I’m pretty certain that’s where we are now. The Sox have an offer on the table (most likely above $200M), and an agreement with Lozano to come back to them if someone goes higher. The pressure is now on Lozano to find another bidder.
Ottavino to Yankees 3/27. With another 9 mill committed, does this at least make Yankees even less likely to sign Manny now?
Pretty sure the Sox bid has knocked the Yankees out.
We’ll see how serious the Yankees are about playing in the limits of the luxury tax if they make a trade for Kluber.
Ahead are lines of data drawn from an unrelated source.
Lemma epsP_perm_eq P P' : perm_eq P P' ->
  count (fun B => odd #|B|) P <= 1 -> listing (ordpart_seq P) -> epsP P' = epsP P.
Proof. by move=> pP oddP lP; rewrite !epsP_odd_listing (@odd_listing_perm_blocks [::] P). Qed.
End OrderedPartitions.

Section PartitionSurgery.
Variables (T : finType) (p : {set {set T}}) (D : {set T}).
Hypothesis p_part : partition p D.
Implicit Types A B : {set T}.

Lemma partition_block_sub B : B \in p -> B \subset D.
Proof. by move=> Bp; rewrite -(cover_partition p_part); exact: bigcup_sup. Qed.

Lemma partition_block_neq0 B : B \in p -> B != set0.
Proof. by case/and3P: p_part => _ _ p0 Bp; apply: contraNneq p0 => <-. Qed.

Lemma partition_merge A B : A \in p -> B \in p -> A != B ->
  partition ((A :|: B) |: (p :\ A :\ B)) D.
Proof.
move=> Ap Bp AB.
have BpA : B \in p :\ A by rewrite !inE eq_sym AB.
have part := partitionD1 (partitionD1 p_part Ap) BpA.
have AB0 : A :|: B != set0 by rewrite setU_eq0 negb_and partition_block_neq0.
have /(partitionU1 part AB0) : [disjoint A :|: B & D :\: A :\: B].
  by rewrite -setI_eq0; apply/eqP/setP => x; rewrite !inE; case: (x \in A); case: (x \in B).
congr partition; apply/setP => x; rewrite !inE.
have /subsetP AD := partition_block_sub Ap; have /subsetP BD := partition_block_sub Bp.
by case: (boolP (x \in A)) => [/AD|]; case: (boolP (x \in B)) => [/BD|] => //= ->.
Qed.

Lemma partition_split A B : B \in p -> A \subset B -> A != set0 -> A != B ->
  partition (A |: ((B :\: A) |: (p :\ B))) D.
Proof.
move=> Bp AB A0 AneB.
have BA0 : B :\: A != set0.
  by rewrite setD_eq0; apply: contra AneB => BA; rewrite eqEsubset AB.
have part := partitionD1 p_part Bp.
have /(partitionU1 part BA0) {}part : [disjoint B :\: A & D :\: B].
  by rewrite -setI_eq0; apply/eqP/setP => x; rewrite !inE; case: (x \in B); rewrite ?andbF.
have /(partitionU1 part A0) : [disjoint A & B :\: A :|: D :\: B].
  rewrite -setI_eq0; apply/eqP/setP => x; rewrite !inE.
  by case: (boolP (x \in A)) => // /(subsetP AB) ->.
congr partition; apply/setP => x; rewrite !inE.
have /subsetP BD := partition_block_sub Bp.
by case: (boolP (x \in A)) => [/(subsetP AB)|]; case: (boolP (x \in B)) => [/BD|] => //= ->.
Qed.
End PartitionSurgery.

Lemma perm_enum_setU1 (T : finType) (x : T) (A : {set T}) :
  x \notin A -> perm_eq (enum (x |: A)) (x :: enum A).
Proof.
move=> xA; apply: uniq_perm; first exact: enum_uniq.
  by rewrite /= mem_enum xA enum_uniq.
by move=> y; rewrite !inE !mem_enum !inE.
Qed.

Lemma perm_enum_imset (T T' : finType) (f : T -> T') (A : {set T}) :
  injective f -> perm_eq (enum (f @: A)) (map f (enum A)).
Proof.
move=> f_inj; apply: uniq_perm; rewrite ?enum_uniq ?(map_inj_uniq f_inj) ?enum_uniq //.
move=> y; rewrite mem_enum; apply/idP/idP => [/imsetP[x xA ->]|/mapP[x + ->]].
  by rewrite map_f ?mem_enum.
by rewrite mem_enum; exact: imset_f.
Qed.

Section OddBlock.
Variable n : nat.
Implicit Types (p : {set {set 'I_n}}) (A B J : {set 'I_n}).

Definition inQ_with p J :=
  [/\ partition p setT, J \in p, odd #|J| & {in p, forall B, B != J -> #|B| = 2}].

Lemma inQP p : reflect (exists J, inQ_with p J) (inQ p).
Proof.
apply: (iffP andP) => [[p_part /existsP[J /and3P[Jp oddJ /forallP pairs]]]|[J [p_part Jp oddJ pairs]]].
  by exists J; split=> // B Bp BJ; apply/eqP; move: (pairs B); rewrite Bp BJ.
split=> //; apply/existsP; exists J; rewrite Jp oddJ; apply/forallP => B.
by apply/implyP => Bp; apply/implyP => BJ; rewrite pairs.
Qed.

Section Fixed.
Variables (p : {set {set 'I_n}}) (J : {set 'I_n}).
Hypothesis pJ : inQ_with p J.

Lemma inQ_with_odd B : B \in p -> odd #|B| -> B = J.
Proof.
case: pJ => _ _ _ pairs Bp oddB.
by apply/eqP; apply: contraLR oddB => /(pairs B Bp) ->.
Qed.

Lemma inQ_with_disjoint A B : A \in p -> B \in p -> A != B -> [disjoint A & B].
Proof. by case: pJ => /partition_trivIset /trivIsetP tI _ _ _; exact: tI. Qed.

Lemma pick_inQ_with : [pick B in p | odd #|B|] = Some J.
Proof.
case: pickP => [B /andP[Bp oddB]|none]; first by rewrite (inQ_with_odd Bp oddB).
by case: pJ => _ Jp oddJ _; move: (none J); rewrite Jp oddJ.
Qed.

Lemma eps2_inQ_with : eps2 p = ((-1) ^+ (#|J|.-1./2))%R.
Proof. by rewrite /eps2 pick_inQ_with. Qed.

Lemma eps_inQ_with P : perm_eq (enum p) P -> eps p = epsP P.
Proof.
case: pJ => p_part Jp _ pairs pP; rewrite /eps (epsP_perm_eq pP) ?listing_partition //.
rewrite (@eq_in_count _ _ (pred1 J)) ?count_uniq_mem ?enum_uniq ?leq_b1 // => B.
rewrite mem_enum => Bp /=; case: (eqVneq B J) => [->|BJ]; first by case: pJ.
by rewrite pairs.
Qed.
End Fixed.
End OddBlock.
I threw this idea at Josh on twitter the other night when he asked if a three way trade between the Padres, Indians and Yankees that sent Andujar to San Diego meant the Yankees might be in on Machado again. If it’s prospects from San Diego to the Indians for Kluber, then Kluber to the Yankees for a deal centered around Andujar, we’ll learn how serious New York is by the nature of the package they send back to the Padres. If it’s Andujar and some prospects, then they’re replacing a rookie making league minimum with a pitcher who’s gonna make $17 million+ in 2019. On top of the Ottavino money, I think they’d definitely be over the threshold, and if, after all their talk of staying under the threshold, they make those moves? Well then, we shouldn’t discount the possibility that they’ll basically say, “fuck it, in for a penny,” and just sign Machado, and we should all start pissing our boots because those damn yankees are taking the price high enough to crowd us out of the market.
If, on the other hand, they send Andujar and some offsetting salary to San Diego, then I think we should start believing that they really have changed their spots, and an extra commitment in the neighborhood of $30 million isn’t palatable to them.
If no deal gets done, well. I don’t know if we can draw any real conclusions from that.
*edit for some punctuation and clarity*
Can someone please explain this to me? Machado’s agent issues a statement indicating that the press reports of the White Sox interest aren’t accurate. Specifically, he calls out the reports of a 7/175 offer, with the apparent implication that the real Sox offer is larger than that.
Why does he want to address this in the press? If the Sox genuinely have a larger offer out there, he can certainly say so to other teams who may be interested. I don’t understand what advantage he’s trying to get by putting this out in public.